# WHAT YOU SHOULD DO
Your task is to give the number of lines below that contain "Variables". Give no other text.
━━━ RECORDED DATA
(* Let $\mathcal G=(\mathcal V,\mathcal E,W)$ be a network, $h\in\mathbb{R}^{\mathcal V}$, and consider the SNC game with binary actions on $\mathcal G$ with external field $h$. Let $\mathcal V=\mathcal R\cup\mathcal S$ with $\mathcal R\cap\mathcal S=\emptyset$ be a binary partition such that the subnetwork $\mathcal G_{\mathcal R}$ is structurally balanced, and let $\tau\in\{\pm1\}^{\mathcal R}$ be such that $$\tau_iW_{ij}\tau_j\ge 0\qquad\forall i,j\in\mathcal R.$$ If $$w_i^{\mathcal R}+\tau_ih_i\ge w_i^{\mathcal S}\qquad\forall i\in\mathcal R,$$ and $\mathcal N_{\mathcal S}^{(\tau)}\neq\emptyset$, then there exists a Nash equilibrium $x^*\in\mathcal N$ of the SNC game such that $x^*_{\mathcal R}=\tau$.
   Context: A network is a triple $\mathcal G=(\mathcal V,\mathcal E,W)$ where $\mathcal V$ is a finite nonempty set, $\mathcal E\subseteq\mathcal V\times\mathcal V$, and $W\in\mathbb{R}^{\mathcal V\times\mathcal V}$ has zero diagonal and satisfies $W_{ij}\neq0$ iff $(i,j)\in\mathcal E$ (weights may have either sign; $W$ need not be symmetric). For $\mathcal U\subseteq\mathcal V$, the subnetwork $\mathcal G_{\mathcal U}$ has node set $\mathcal U$, links $\mathcal E\cap(\mathcal U\times\mathcal U)$ and weight matrix $W_{\mathcal U\mathcal U}$ (restriction of $W$). A network is structurally balanced if its node set can be written as a disjoint union $\mathcal V_1\cup\mathcal V_2$ with $W_{ij}\ge0$ whenever $i,j$ lie in the same part and $W_{ij}\le0$ whenever $i,j$ lie in different parts. For $i\in\mathcal V$ and $\mathcal B\subseteq\mathcal V$, $w_i^{\mathcal B}=\sum_{j\in\mathcal B}|W_{ij}|$. The SNC (signed network coordination) game with binary actions on $\mathcal G$ with external field $h\in\mathbb{R}^{\mathcal V}$ has player set $\mathcal V$, each player having action set $\{-1,+1\}$, strategy profile set $\mathcal X=\{\pm1\}^{\mathcal V}$, and utility $u_i(x)=h_ix_i+x_i\sum_{j\in\mathcal V}W_{ij}x_j$ for $i\in\mathcal V$. The best response of player $i$ is $\mathcal B_i(x_{-i})=\arg\max_{x_i\in\{\pm1\}}u_i(x_i,x_{-i})$, where $x_{-i}$ is the profile of the other players; a (pure) Nash equilibrium is $x^*$ with $x^*_i\in\mathcal B_i(x^*_{-i})$ for all $i$; $\mathcal N$ denotes the set of Nash equilibria. For a binary partition $\mathcal V=\mathcal R\cup\mathcal S$ and $y\in\{\pm1\}^{\mathcal R}$, the $\mathcal S$-restricted game with strategy profile of players in $\mathcal R$ frozen to $y$ is the game with player set $\mathcal S$, actions $\{\pm1\}$, and utilities $u_i^{(y)}(z)=u_i(y,z)=z_i\sum_{j\in\mathcal S}W_{ij}z_j+z_i\sum_{j\in\mathcal R}W_{ij}y_j+z_ih_i$ for $i\in\mathcal S$, $z\in\{\pm1\}^{\mathcal S}$; $\mathcal N_{\mathcal S}^{(y)}$ denotes its set of Nash equilibria. *)

From mathcomp Require Import all_boot all_order all_algebra.
Set Implicit Arguments. Unset Strict Implicit. Unset Printing Implicit Defensive.
Import Order.TTheory GRing.Theory Num.Theory.
Local Open Scope ring_scope.

(* Actions in {-1,+1} are encoded by bool: true |-> +1, false |-> -1. *)
Definition act {R : pzRingType} (b : bool) : R := if b then 1 else -1.

Section SNC.
Variables (R : realFieldType) (V : finType).

(* Network weight matrix: zero diagonal (links E = {(i,j) | W i j != 0}). *)
Definition zero_diag (W : V -> V -> R) := forall i, W i i = 0.

Definition utility (W : V -> V -> R) (h : V -> R) (x : V -> bool) (i : V) : R :=
  h i * act (x i) + act (x i) * \sum_(j : V) W i j * act (x j).

Definition deviate (x : V -> bool) (i : V) (a : bool) : V -> bool :=
  fun j => if j == i then a else x j.

Definition best_resp (W : V -> V -> R) (h : V -> R) (x : V -> bool) (i : V) :=
  forall a : bool, utility W h (deviate x i a) i <= utility W h x i.

Definition is_Nash W h (x : V -> bool) := forall i, best_resp W h x i.

Definition struct_balanced_on (W : V -> V -> R) (U : {set V}) :=
  exists V1 : {set V}, V1 \subset U /\
    forall i j, i \in U -> j \in U ->
      (((i \in V1) == (j \in V1)) -> 0 <= W i j) /\
      (((i \in V1) != (j \in V1)) -> W i j <= 0).

Definition wdeg (W : V -> V -> R) (i : V) (B : {set V}) : R :=
  \sum_(j in B) `|W i j|.

Definition glue (Rs : {set V}) (y z : V -> bool) : V -> bool :=
  fun j => if j \in Rs then y j else z j.

(* z (only its values on S = ~: Rs matter) is a Nash equilibrium of the
   S-restricted game with players of Rs frozen to y:
   every i in S best-responds (among deviations of its own action) in u_i(y,z). *)
Definition restricted_Nash W h (Rs : {set V}) (y z : V -> bool) :=
  forall i, i \in ~: Rs -> best_resp W h (glue Rs y z) i.

End SNC.

From mathcomp Require Import all_boot all_order all_algebra.
From mathcomp Require Import lra.
Set Implicit Arguments. Unset Strict Implicit. Unset Printing Implicit Defensive.
Import Order.TTheory GRing.Theory Num.Theory.
Local Open Scope ring_scope.

(* With the frozen players playing tau, the field felt by a player i of R is
   sum_{j in R} |W_ij| + tau_i h_i plus a part coming from S, which is at least
   - sum_{j in S} |W_ij| whatever S plays; the degree condition makes it agree
   in sign with tau_i, so tau_i is a best response. The players of S are in
   equilibrium by assumption, hence gluing tau to any restricted equilibrium
   gives a Nash equilibrium. *)

Lemma normr_act (R : realFieldType) (b : bool) : `|act b : R| = 1.
Proof. by case: b; rewrite /act ?normrN normr1. Qed.

Lemma act_mul_le (R : realFieldType) (a b : bool) (r : R) :
  0 <= act b * r -> act a * r <= act b * r.
Proof. by case: a; case: b; rewrite /act => /=; lra. Qed.

Section LocalField.
Variables (R : realFieldType) (V : finType) (W : V -> V -> R) (h : V -> R).

Definition local_field (x : V -> bool) (i : V) : R :=
  h i + \sum_j W i j * act (x j).

Lemma wdeg_ge_signed_sum (B : {set V}) (x : V -> bool) (i : V) (b : bool) :
  - wdeg W i B <= act b * \sum_(j in B) W i j * act (x j).
Proof.
rewrite /wdeg -sumrN mulr_sumr; apply: ler_sum => j _.
have -> : `|W i j| = `|act b * (W i j * act (x j))|.
  by rewrite !normrM !normr_act mul1r mulr1.
by rewrite lerNl -normrN ler_norm.
Qed.

Lemma wdeg_eq_aligned_sum (B : {set V}) (x : V -> bool) (i : V) (b : bool) :
    (forall j, j \in B -> 0 <= act b * W i j * act (x j)) ->
  act b * \sum_(j in B) W i j * act (x j) = wdeg W i B.
Proof.
move=> aligned; rewrite /wdeg mulr_sumr; apply: eq_bigr => j jB.
by rewrite mulrA -[LHS]ger0_norm ?aligned // !normrM !normr_act mul1r mulr1.
Qed.

Lemma signed_local_field_ge (B : {set V}) (x : V -> bool) (i : V) (b : bool) :
    (forall j, j \in B -> 0 <= act b * W i j * act (x j)) ->
  wdeg W i B + act b * h i - wdeg W i (~: B) <= act b * local_field x i.
Proof.
move=> aligned; rewrite /local_field (bigID (mem B)) /=.
rewrite [X in _ + (_ + X)](eq_bigl (mem (~: B))) => [|j]; last by rewrite !inE.
rewrite mulrDr mulrDr wdeg_eq_aligned_sum //.
have := wdeg_ge_signed_sum (~: B) x i b; lra.
Qed.

Lemma utility_local_field (x : V -> bool) (i : V) :
  utility W h x i = act (x i) * local_field x i.
Proof. by rewrite /utility mulrDr mulrC. Qed.

Hypothesis zdW : zero_diag W.

Lemma utility_deviate (x : V -> bool) (i : V) (a : bool) :
  utility W h (deviate x i a) i = act a * local_field x i.
Proof.
have field_deviate : \sum_j W i j * act (deviate x i a j) = \sum_j W i j * act (x j).
  apply: eq_bigr => j _; rewrite /deviate; case: eqP => [->|//].
  by rewrite zdW !mul0r.
by rewrite /utility field_deviate /deviate eqxx mulrDr mulrC.
Qed.

Lemma best_resp_aligned (x : V -> bool) (i : V) :
  0 <= act (x i) * local_field x i -> best_resp W h x i.
Proof.
by move=> aligned a; rewrite utility_deviate utility_local_field act_mul_le.
Qed.

End LocalField.

Theorem theorem1 (R : realFieldType) (V : finType) (W : V -> V -> R) (h : V -> R)
    (Rs : {set V}) (tau : V -> bool) :
  (0 < #|V|)%N ->
  zero_diag W ->
  struct_balanced_on W Rs ->
  (forall i j, i \in Rs -> j \in Rs -> 0 <= act (tau i) * W i j * act (tau j)) ->
  (forall i, i \in Rs -> wdeg W i Rs + act (tau i) * h i >= wdeg W i (~: Rs)) ->
  (exists z : V -> bool, restricted_Nash W h Rs tau z) ->
  exists x : V -> bool, is_Nash W h x /\ (forall i, i \in Rs -> x i = tau i).
Proof.
move=> _ zdW _ tau_aligned degree [z z_Nash].
set x := glue Rs tau z.
have x_tau j : j \in Rs -> x j = tau j by rewrite /x /glue => ->.
exists x; split=> // i; case: (boolP (i \in Rs)) => iR; last first.
  by apply: z_Nash; rewrite in_setC.
have aligned j : j \in Rs -> 0 <= act (tau i) * W i j * act (x j).
  by move=> jR; rewrite x_tau ?tau_aligned.
apply: best_resp_aligned => //; rewrite x_tau //.
apply: le_trans _ (signed_local_field_ge h aligned).
by rewrite subr_ge0 degree.
Qed.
━━━━━━
# ANSWER FOR THE TASK
2